Am Anfang war der Rock. Er hat über Jahrtausende unsere Modegeschichte bestimmt. In jeder alten Kultur wurde er getragen. Es hat ein paar tausend Jahre gebraucht, überhaupt die Hose zu erfinden. Bis dahin hatten die Männer kein Problem damit, ein Patriarchat im Rock zu etablieren. Trotzdem ist der Rock heute überwiegend weiblich und trennt die Geschlechter. Wie geht so etwas? Muss das so sein? Ist das ein Fortschritt? Feiern wir nicht gerade als moderne Menschen unsere Freiheit und Gleichheit? Hat sich das Verhältnis zwischen Frauen und Männern nicht auch deswegen verbessert, weil wir unsere Gemeinsamkeiten immer mehr entdecken? Wieso schränken wir uns dann durch die Bekleidung weiter ein?
Viele Dinge, und die Kleiderwahl gehört dazu, werden uns als weiblich oder männlich präsentiert, obwohl sie im intrinsischen Sinne nichts mit einer Geschlechtlichkeit zu tun haben. Ihr Status kommt durch sozio-kulturelle Vereinbarungen zustande. Sie repräsentieren das Empfinden der Bevölkerungsmehrheit einer Epoche. Im Laufe der Geschichte kann das Volksempfinden sehr variieren.

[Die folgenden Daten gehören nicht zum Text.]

(* An element of E(R) is a compatible system of classes of window maps
   t^{-a}R[t]/t^bR[t] -> t^{-c}R[t]/t^dR[t], and every identification made by
   the limits and colimits in its definition compares window maps only through
   their values.  Hence, for f in t^{-a}R[[t]] and i < d, the i-th coefficient
   of the image of f can be read off any level-d component of any representative
   at a, independently of all choices; these coefficients glue to an
   endomorphism phi of R((t)).  The target index c of a Pro-morphism gives
   condition (1), and the finite source window b of a level-m component gives
   condition (2).  Conversely, for phi satisfying (1) and (2), the window maps
   res_{c,d} o phi o res_{a,b} (c from (1), b from (2)) agree with phi in
   degrees < d, and the classes of all window maps agreeing with phi form an
   element of E(R).  Both directions, as well as composition, identity, sum and
   scaling, are characterised by "agreement with phi below degree d", which
   makes the two constructions inverse algebra isomorphisms. *)

From Pilot Require Import Defs.
From HB Require Import structures.
From mathcomp Require Import all_boot all_order all_algebra zify.
From Stdlib Require Import FunctionalExtensionality PropExtensionality.
From Stdlib Require Import ProofIrrelevance ClassicalEpsilon.
Import Order.TTheory GRing.Theory Num.Theory.
Local Open Scope ring_scope.

Section EndLaurentTop.
Local Set Implicit Arguments.
Local Unset Strict Implicit.
Variables (k : fieldType) (R : algType k).
Local Notation Fn := (Fn R).
Local Notation LS := (LS R).
Implicit Types (a b c d : nat) (f : int -> R) (g : Fn).

Lemma sig_ext (A : Type) (P : A -> Prop) (u v : {x | P x}) :
  sval u = sval v -> u = v.
Proof. exact: eq_sig_hprop (fun x => proof_irrelevance (P x)) u v. Qed.

Lemma LS_ext (f g : LS) : sval f =1 sval g -> f = g.
Proof. by move=> fg; apply: sig_ext; apply: functional_extensionality. Qed.

Lemma tpow_le (m n : int) f : m <= n -> tpow n f -> tpow m f.
Proof. by move=> mn fn i im; apply: fn; lia. Qed.

Lemma LS_tpow_ex (f : LS) : exists a : nat, tpow (- a%:Z) (sval f).
Proof. by case: f => f [N fN] /=; exists `|N|%N => i hi; apply: fN; lia. Qed.

Lemma inW_widen a a' b b' i :
  (a <= a')%N -> (b <= b')%N -> inW a b i -> inW a' b' i.
Proof. by rewrite /inW; lia. Qed.

Lemma res_in a b f i : inW a b i -> res a b f i = f i.
Proof. by rewrite /res => ->. Qed.

Lemma res_out a b f i : ~~ inW a b i -> res a b f i = 0.
Proof. by rewrite /res => /negbTE ->. Qed.

Lemma res_add a b f f' :
  res a b (fun i => f i + f' i) = (fun i => res a b f i + res a b f' i).
Proof. by apply: functional_extensionality => i; rewrite /res; case: ifP; rewrite ?addr0. Qed.

Lemma res_mulr a b f (r : R) :
  res a b (fun i => f i * r) = (fun i => res a b f i * r).
Proof. by apply: functional_extensionality => i; rewrite /res; case: ifP; rewrite ?mul0r. Qed.

Lemma res_LS_proof a b f : exists N, forall i, i < N -> res a b f i = 0.
Proof. by exists (- a%:Z) => i hi; rewrite res_out //; move: hi; rewrite /inW; lia. Qed.

Definition LS_res a b f : LS := exist _ (res a b f) (res_LS_proof a b f).

Lemma tpow_LS_res a b f : tpow (- a%:Z) (sval (LS_res a b f)).
Proof. by move=> i hi; rewrite /= res_out //; move: hi; rewrite /inW; lia. Qed.

Lemma LS_add_proof (f g : LS) :
  exists N, forall i, i < N -> sval f i + sval g i = 0.
Proof.
have [a fa] := LS_tpow_ex f; have [b gb] := LS_tpow_ex g.
by exists (- (maxn a b)%:Z) => i hi; rewrite fa ?gb ?addr0 //; lia.
Qed.

Definition LS_add (f g : LS) : LS := exist _ _ (LS_add_proof f g).

Lemma LS_sub_proof (f g : LS) :
  exists N, forall i, i < N -> sval f i - sval g i = 0.
Proof.
have [a fa] := LS_tpow_ex f; have [b gb] := LS_tpow_ex g.
by exists (- (maxn a b)%:Z) => i hi; rewrite fa ?gb ?subr0 //; lia.
Qed.

Definition LS_sub (f g : LS) : LS := exist _ _ (LS_sub_proof f g).

Lemma LS_scale_proof (s : k) (f : LS) :
  exists N, forall i, i < N -> s *: sval f i = 0.
Proof. by have [a fa] := LS_tpow_ex f; exists (- a%:Z) => i hi; rewrite fa ?scaler0. Qed.

Definition LS_scale (s : k) (f : LS) : LS := exist _ _ (LS_scale_proof s f).

Definition rlinear g :=
  (forall f f', g (fun i => f i + f' i) = (fun i => g f i + g f' i)) /\
  (forall f (r : R), g (fun i => f i * r) = (fun i => g f i * r)).

Lemma rlinear_comp g1 g2 : rlinear g1 -> rlinear g2 -> rlinear (g1 \o g2).
Proof. by case=> D1 M1 [D2 M2]; split=> f f' /=; rewrite ?D2 ?D1 ?M2 ?M1. Qed.

Lemma rlinear_add g1 g2 :
  rlinear g1 -> rlinear g2 -> rlinear (fun f i => g1 f i + g2 f i).
Proof.
case=> D1 M1 [D2 M2]; split=> f f'; apply: functional_extensionality => i.
- by rewrite D1 D2 addrACA.
- by rewrite M1 M2 mulrDl.
Qed.

Lemma rlinear_scale (s : k) g : rlinear g -> rlinear (fun f i => s *: g f i).
Proof.
case=> D M; split=> f f'; apply: functional_extensionality => i.
- by rewrite D scalerDr.
- by rewrite M scalerAl.
Qed.

Section HomC.
Variables (a b c d : nat) (g : Fn).
Hypothesis gH : isHomC a b c d g.

Lemma isHomC_local f f' : (forall i, inW a b i -> f i = f' i) -> g f = g f'.
Proof. by case: gH => gloc _ _ _; apply: gloc. Qed.

Lemma isHomC_out f i : ~~ inW c d i -> g f i = 0.
Proof. by case: gH => _ gout _ _; apply: gout. Qed.

Lemma isHomC_rlinear : rlinear g.
Proof. by case: gH. Qed.

Lemma isHomC_res b' f : (b <= b')%N -> g (res a b' f) = g f.
Proof. by move=> bb'; apply: isHomC_local => i /(inW_widen (leqnn a) bb'); apply: res_in. Qed.

Lemma isHomC_below f i : i < - c%:Z -> g f i = 0.
Proof. by move=> hi; apply: isHomC_out; move: hi; rewrite /inW; lia. Qed.

Lemma isHomC_above f i : d%:Z <= i -> g f i = 0.
Proof. by move=> hi; apply: isHomC_out; move: hi; rewrite /inW; lia. Qed.

Lemma isHomC_vanish f i : (forall j, inW a b j -> f j = 0) -> g f i = 0.
Proof.
move=> f0; have [_ gM] := isHomC_rlinear.
have -> : g f = g (fun j => f j * 0) by apply: isHomC_local => j /f0 ->; rewrite mul0r.
by rewrite gM mulr0.
Qed.

End HomC.

Lemma isHomC_rrf a b c d g : rlinear g -> isHomC a b c d (rrf a b c d g).
Proof.
case=> gD gM; split.
- move=> f f' ff'; rewrite /rrf; congr (res c d (g _)).
  by apply: functional_extensionality => i; rewrite /res; case: ifP => // /ff'.
- by move=> f i hi; rewrite /rrf res_out.
- by move=> f f'; rewrite /rrf res_add gD res_add.
- by move=> f r; rewrite /rrf res_mulr gM res_mulr.
Qed.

Solche Konventionen engen unsere Freiheit ein. Die Freiheitsberaubung geht dort besonders weit, wo ein enges Rollenverständnis von den Geschlechtern verlangt wird und Zuwiderhandlungen zu sozialer Ächtung führen. Da solche Regeln fast immer ohne Bezug zu biologischen Notwendigkeiten stehen, könnten wir sehr gut ohne diesen Ballast leben. Es wäre eine Befreiung von unnötiger Sexualisierung, vergleichbar dem Kampf der Frauen, Hosen tragen zu dürfen.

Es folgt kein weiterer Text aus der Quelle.